[What to work on]
Using the records that appear below, write out exactly the lines from the one with "exact/decomposable_Pminus/Pminus0." through the one with "exact: val_inj.", keeping both end lines.

[Stored data]
Lemma decomposable_hit q : hitd d q -> decomposable q.
Proof. by move=> h; exists 0, q; split; [exact: Pminus0 | split => //; rewrite add0r]. Qed.

Lemma decomposableD f g : decomposable f -> decomposable g -> decomposable (f + g).
Proof.
move=> [p1 [q1 [hp1 [hq1 ->]]]] [p2 [q2 [hp2 [hq2 ->]]]].
exists (p1 + p2), (q1 + q2); split; first exact: PminusD.
by split; [exact: hitdD | rewrite addrACA].
Qed.

Lemma decomposable_sum (I : finType) (P : pred I) (F : I -> {mpoly 'F_2[k]}) :
  (forall i, P i -> decomposable (F i)) -> decomposable (\sum_(i | P i) F i).
Proof.
move=> h; apply: big_ind => //; last exact: decomposableD.
exact/decomposable_Pminus/Pminus0.
Qed.

End Decompositions.

Lemma natr_F2 n : (n%:R : 'F_2) = (odd n)%:R.
Proof.
rewrite {1}(divn_eq n 2) modn2 natrD natrM.
by rewrite (_ : 2%:R = 0 :> 'F_2) ?mulr0 ?add0r //; apply: val_inj.
Qed.

Lemma oppr_F2 k (v : {mpoly 'F_2[k]}) : - v = v.
Proof.
have v2 : v + v = 0.
  rewrite -mulr2n -scaler_nat (_ : 2%:R = 0 :> 'F_2) ?scale0r //.
  exact: val_inj.
by rewrite -[- v]add0r -v2 addrK.
Qed.

Section SquareOfMonomial.

Variable k : nat.
Implicit Types y : 'X_{1..k}.

Definition mshift (P : nat) y (e : {ffun 'I_k -> 'I_P.+1}) : 'X_{1..k} :=
  [multinom (y j + e j)%N | j < k].

(* The exponent vector with P at j and 0 elsewhere: it indexes the term
   C(y_j, P) y x_j^P of Sq^P(y). *)
Definition single_exp (P : nat) (j : 'I_k) : {ffun 'I_k -> 'I_P.+1} :=
  [ffun l => if l == j then ord_max else ord0].

Lemma mshiftE P y (e : {ffun 'I_k -> 'I_P.+1}) l : mshift y e l = (y l + e l)%N.
Proof. by rewrite /mshift mnmE. Qed.

Lemma mdeg_mshift P y (e : {ffun 'I_k -> 'I_P.+1}) :
  mdeg (mshift y e) = (mdeg y + \sum_(l < k) (e l : nat))%N.
Proof. by rewrite !mdegE -big_split /=; apply: eq_bigr => l _; exact: mshiftE. Qed.

Lemma single_expE P j l : (single_exp P j l : nat) = ((l == j) * P)%N.
Proof. by rewrite ffunE; case: (l == j); rewrite ?mul1n ?mul0n. Qed.

Lemma sum_single_exp P j : (\sum_(l < k) (single_exp P j l : nat))%N = P.
Proof.
rewrite (bigD1 j) //= big1 ?addn0; first by rewrite ffunE eqxx.
by move=> l /negbTE hl; rewrite ffunE hl.
Qed.

Lemma single_exp_inj P : (0 < P)%N -> injective (single_exp P).
Proof.
move=> hP j1 j2 /ffunP /(_ j1); rewrite !ffunE eqxx.
by case: eqP => // _ /(congr1 val) /= h; rewrite h in hP.
Qed.

Lemma Sq_X i y : Sq i 'X_[y] = Sqmon i y.
Proof. by rewrite /Sq msuppX big_seq1 mcoeffX eqxx scale1r. Qed.

Lemma Sqmon_split P y : (0 < P)%N ->
  Sqmon P y = \sum_(j < k) 'C(y j, P)%:R *: 'X_[mshift y (single_exp P j)] +
   \sum_(e : {ffun 'I_k -> 'I_P.+1} | ((\sum_(j < k) (e j : nat))%N == P) &&
        (e \notin [set single_exp P j | j : 'I_k]))
       (\prod_(j < k) 'C(y j, e j))%:R *: 'X_[mshift y e].
Proof.
move=> hP; rewrite /Sqmon (bigID (mem [set single_exp P j | j : 'I_k])) /=.
congr (_ + _).
rewrite (eq_bigl (mem [set single_exp P j | j : 'I_k])); last first.
  move=> e; apply/andP/idP => [[//]|h]; split => //.
  by case/imsetP: h => j _ ->; rewrite sum_single_exp.
rewrite big_imset /=; last by move=> j1 j2 _ _; apply: single_exp_inj.
apply: eq_bigr => j _; congr (_%:R *: _).
rewrite (bigD1 j) //= big1 ?muln1; first by rewrite ffunE eqxx.
by move=> l /negbTE hl; rewrite ffunE hl bin0.
Qed.

End SquareOfMonomial.

Local Close Scope ring_scope.

Section LiftingStep.

(* Writing x = y x_a^(2^t) for an index a
   whose digit t is 0, x is compared with the other terms of Sq^(2^t)(y). *)
Variables k d t : nat.
Variable x : 'X_{1..k}.
Hypothesis htd : t.+2 <= d.
Hypothesis top : top_prefix t.+2 x.
Hypothesis full : omega t.+2 x = k.
Hypothesis hdeg : mdeg x = (k - 2) * (2 ^ d - 1).

Section Splitting.

Variables (y : 'X_{1..k}) (a : 'I_k).
Hypothesis hxy : forall l, x l = y l + (l == a) * 2 ^ t.

Lemma mdeg_split : mdeg x = mdeg y + 2 ^ t.
Proof.
rewrite !mdegE (eq_bigr _ (fun l _ => hxy l)) big_split /=; congr (_ + _).
by rewrite (bigD1 a) //= eqxx mul1n big1 ?addn0 // => l /negbTE ->.
Qed.

Lemma low_digits_split i l : i < t -> alpha i (y l) = alpha i (x l).
Proof. by move=> hi; rewrite hxy alpha_addMr // dvdn_mull // dvdn_exp2l. Qed.

(* The terms of Sq^(2^t)(y) acting on several variables lie in P^-: at the
   lowest digit t' < t occurring in the exponent vector e, omega_(t'+1) drops
   below omega_(t'+1)(x) = k - 2, the earlier weights being unchanged. *)
Lemma residual_minus (e : {ffun 'I_k -> 'I_(2 ^ t).+1}) :
  \sum_(j < k) (e j : nat) = 2 ^ t -> e \notin [set single_exp (2 ^ t) j | j : 'I_k] ->
  odd (\prod_(j < k) 'C(y j, e j)) -> minus_monomial d (mshift y e).
Proof.
move=> hsum hns hodd.
have hC l : odd 'C(y l, e l) by move: hodd; rewrite (bigD1 l) //= oddM => /andP[].
have [|t' [j [ht' hdvd hj]]] := lowest_common_digit hsum.
  move=> [j hj]; move/negP: hns; apply; apply/imsetP; exists j => //.
  by apply/ffunP => l; apply/val_inj; rewrite /= single_expE hj.
have low i l : i < t' -> alpha i (mshift y e l) = alpha i (x l).
  move=> hi; rewrite mshiftE alpha_addMr; last first.
    by apply: dvdn_trans (hdvd l); apply: dvdn_exp2l.
  by rewrite low_digits_split //; lia.
split; first by rewrite mdeg_mshift hsum -mdeg_split.
exists t'.+1; split => //; split.
  move=> s /andP[s1 s2]; rewrite /wtop s1 (_ : s <= d); last by lia.
  rewrite -(@top s); last by apply/andP; split => //; lia.
  by apply: eq_bigr => l _; apply: low; lia.
rewrite /wtop /= (_ : t'.+1 <= d); last by lia.
rewrite -(@top t'.+1) ?ltnS //; last by lia.
rewrite /omega /=.
rewrite [X in _ < X](eq_bigr (fun l => alpha t' (y l))); last first.
  by move=> l _; rewrite low_digits_split.
apply: (ltn_sum_strict (i0 := j)) => [l|]; rewrite mshiftE.
  by case: (alpha_add_bin (hdvd l) (hC l)).
by case: (alpha_add_bin (hdvd j) (hC j)) => _; apply.
Qed.

Hypothesis hxa : alpha t (x a) = 0.

Section SingleTerm.

Variable j : 'I_k.
Hypothesis hja : j != a.
Hypothesis hC : odd 'C(y j, 2 ^ t).

Let z := mshift y (single_exp (2 ^ t) j).

Lemma single_termE l : z l = y l + (l == j) * 2 ^ t.
Proof. by rewrite /z mshiftE single_expE. Qed.

Lemma single_term_other l : l != a -> l != j -> z l = x l.
Proof.
by move=> la lj; rewrite single_termE hxy (negbTE la) (negbTE lj) !mul0n !addn0.
Qed.

Lemma single_term_at_a : z a = y a.
Proof. by rewrite single_termE eq_sym (negbTE hja) mul0n addn0. Qed.

Lemma single_term_at_j : z j = x j + 2 ^ t.
Proof. by rewrite single_termE hxy (negbTE hja) eqxx mul0n mul1n addn0. Qed.

(* x_a has digits (t, t+1) equal to (0, 1), so y_a = x_a - 2^t has (1, 0). *)
Lemma y_digits_a :
  [/\ alpha t (y a) = 1, alpha t.+1 (y a) = 0 & x a %/ 2 ^ t.+2 = y a %/ 2 ^ t.+2].
Proof.
have := omega_eq_k full a; rewrite /= hxy eqxx mul1n => h1.
by move: hxa; rewrite hxy eqxx mul1n => h0; apply: alpha_borrow.
Qed.

(* Moving 2^t from x_a to x_j turns digits (t, t+1) of x_a from (0,1) into
   (1,0) and those of x_j from (1,1) into (0,0): omega_(t+1) and omega_(t+2)
   both become k - 2, and the lower weights are unchanged. *)
Lemma single_term_top : top_prefix t.+3 z.
Proof.
have hxj0 : alpha t (x j) = 1.
  by rewrite hxy (negbTE hja) mul0n addn0 /alpha -odd_bin_pow2 hC.
have hxj1 : alpha t.+1 (x j) = 1 := omega_eq_k full j.
have [hzj0 hzj1] := alpha_carry hxj0 hxj1.
have [hya0 hya1 _] := y_digits_a.
have haj : a != j by rewrite eq_sym.
have swap i := omega_swap2 i haj single_term_other.
move=> i /andP[i1 i2].
have [hi|hi] := ltnP i t.+1.
  rewrite -(@top i); last by apply/andP; split => //; lia.
  apply: eq_bigr => l _; case: (eqVneq l j) => [->|lj].
    by rewrite single_term_at_j alpha_addMr ?dvdn_exp2l //; lia.
  case: (eqVneq l a) => [->|la]; last by rewrite single_term_other.
  by rewrite single_term_at_a low_digits_split //; lia.
have [hi2|hi2] := ltnP i t.+2.
  have := swap t.+1; rewrite (_ : i = t.+1) /=; last by lia.
  have top1 : omega t.+1 x = k - 2 by apply: top; rewrite /= ltnSn.
  by rewrite single_term_at_a single_term_at_j hxa hxj0 hya0 hzj0 top1; lia.
have := swap t.+2; rewrite (_ : i = t.+2) /=; last by lia.
rewrite single_term_at_a single_term_at_j full !(omega_eq_k full) hya1 hzj1.
by lia.
Qed.

Lemma single_term_deg : mdeg z = (k - 2) * (2 ^ d - 1).
Proof. by rewrite mdeg_mshift sum_single_exp -mdeg_split. Qed.

(* A large exponent survives: x_j only grows, and x_a keeps its digits >= t+2. *)
Lemma single_term_large : (exists l, 2 ^ d <= x l) -> exists l, 2 ^ d <= z l.
Proof.
case=> l hl; case: (eqVneq l a) => [el|la]; last first.
  exists l; apply: leq_trans hl _.
  by rewrite single_termE hxy (negbTE la) mul0n addn0 leq_addr.
exists a; rewrite single_term_at_a; rewrite el in hl.
have high v : (2 ^ d <= v) = (2 ^ (d - t.+2) <= v %/ 2 ^ t.+2).
  by rewrite leq_divRL ?expn_gt0 // -expnD subnK.
by move: hl; rewrite !high; case: y_digits_a => _ _ ->.
Qed.

End SingleTerm.

End Splitting.

(* Lifting step.  In characteristic 2, x = Sq^(2^t)(y) + sum_(j != a) C(y_j, 2^t)
   y x_j^(2^t) + R with R in P^-; the middle terms have a longer top prefix. *)
Lemma lift_step : 0 < k ->
  (forall z : 'X_{1..k}, top_prefix t.+3 z -> mdeg z = (k - 2) * (2 ^ d - 1) ->
     (exists l, 2 ^ d <= z l) -> decomposable d ('X_[z] : {mpoly 'F_2[k]})) ->
  (exists l, 2 ^ d <= x l) -> decomposable d ('X_[x] : {mpoly 'F_2[k]}).
Proof.
move=> hk IH large.
have [a hxa] : exists a, alpha t (x a) = 0.
  by apply: (omega_lt_k (i := t.+1)); rewrite (@top t.+1) /= ?ltnSn //; lia.
have hPa : 2 ^ t <= x a.
  have : 1 <= x a %/ 2 ^ t.+1 by move: (omega_eq_k full a); rewrite /alpha; case: (_ %/ _).
  by rewrite leq_divRL ?expn_gt0 // mul1n => h; apply: leq_trans h; rewrite leq_exp2l.
pose y : 'X_{1..k} := [multinom x l - (l == a) * 2 ^ t | l < k].
have hxy l : x l = y l + (l == a) * 2 ^ t.
  by rewrite mnmE; case: (eqVneq l a) => [->|_]; rewrite ?mul1n ?subnK // mul0n subn0 addn0.
have hP : 0 < 2 ^ t by rewrite expn_gt0.
have hCa : odd (y a %/ 2 ^ t) by case: (y_digits_a hxy hxa); rewrite /alpha; case: odd.
have hma : mshift y (single_exp (2 ^ t) a) = x.
  by apply/mnmP => l; rewrite mshiftE single_expE hxy.
have := Sqmon_split y hP; rewrite (bigD1 a) //= natr_F2 odd_bin_pow2 hCa scale1r hma.
set B := (\sum_(j < k | j != a) _)%R; set R := (\sum_(e | _) _)%R => hsq.
have -> : 'X_[x] = (Sq (2 ^ t) 'X_[y] + R + B)%R.
  by rewrite -[R]oppr_F2 -[B]oppr_F2 Sq_X hsq !addrK.
apply: decomposableD; first apply: decomposableD.
- apply/decomposable_hit/(@hitdSq k d [:: 2 ^ t]) => //=.
  by rewrite hP ltn_exp2l //; lia.
- apply/decomposable_Pminus/Pminus_sum => e /andP[/eqP he1 he2]; apply: PminusZX.
  rewrite natr_F2 => hc; apply: (residual_minus hxy) => //.
  by case: odd hc; rewrite ?eqxx.
- apply: decomposable_sum => j hj; rewrite natr_F2; case hC: odd; last first.
    by rewrite scale0r; apply/decomposable_Pminus/Pminus0.
  rewrite scale1r; apply: IH.
  + exact: (single_term_top hxy hxa hj hC).
  + exact: (single_term_deg hxy).
  + exact: (single_term_large hxy hxa hj large).
Qed.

[Exercise result]
exact/decomposable_Pminus/Pminus0.
Qed.

End Decompositions.

Lemma natr_F2 n : (n%:R : 'F_2) = (odd n)%:R.
Proof.
rewrite {1}(divn_eq n 2) modn2 natrD natrM.
by rewrite (_ : 2%:R = 0 :> 'F_2) ?mulr0 ?add0r //; apply: val_inj.
Qed.

Lemma oppr_F2 k (v : {mpoly 'F_2[k]}) : - v = v.
Proof.
have v2 : v + v = 0.
  rewrite -mulr2n -scaler_nat (_ : 2%:R = 0 :> 'F_2) ?scale0r //.
  exact: val_inj.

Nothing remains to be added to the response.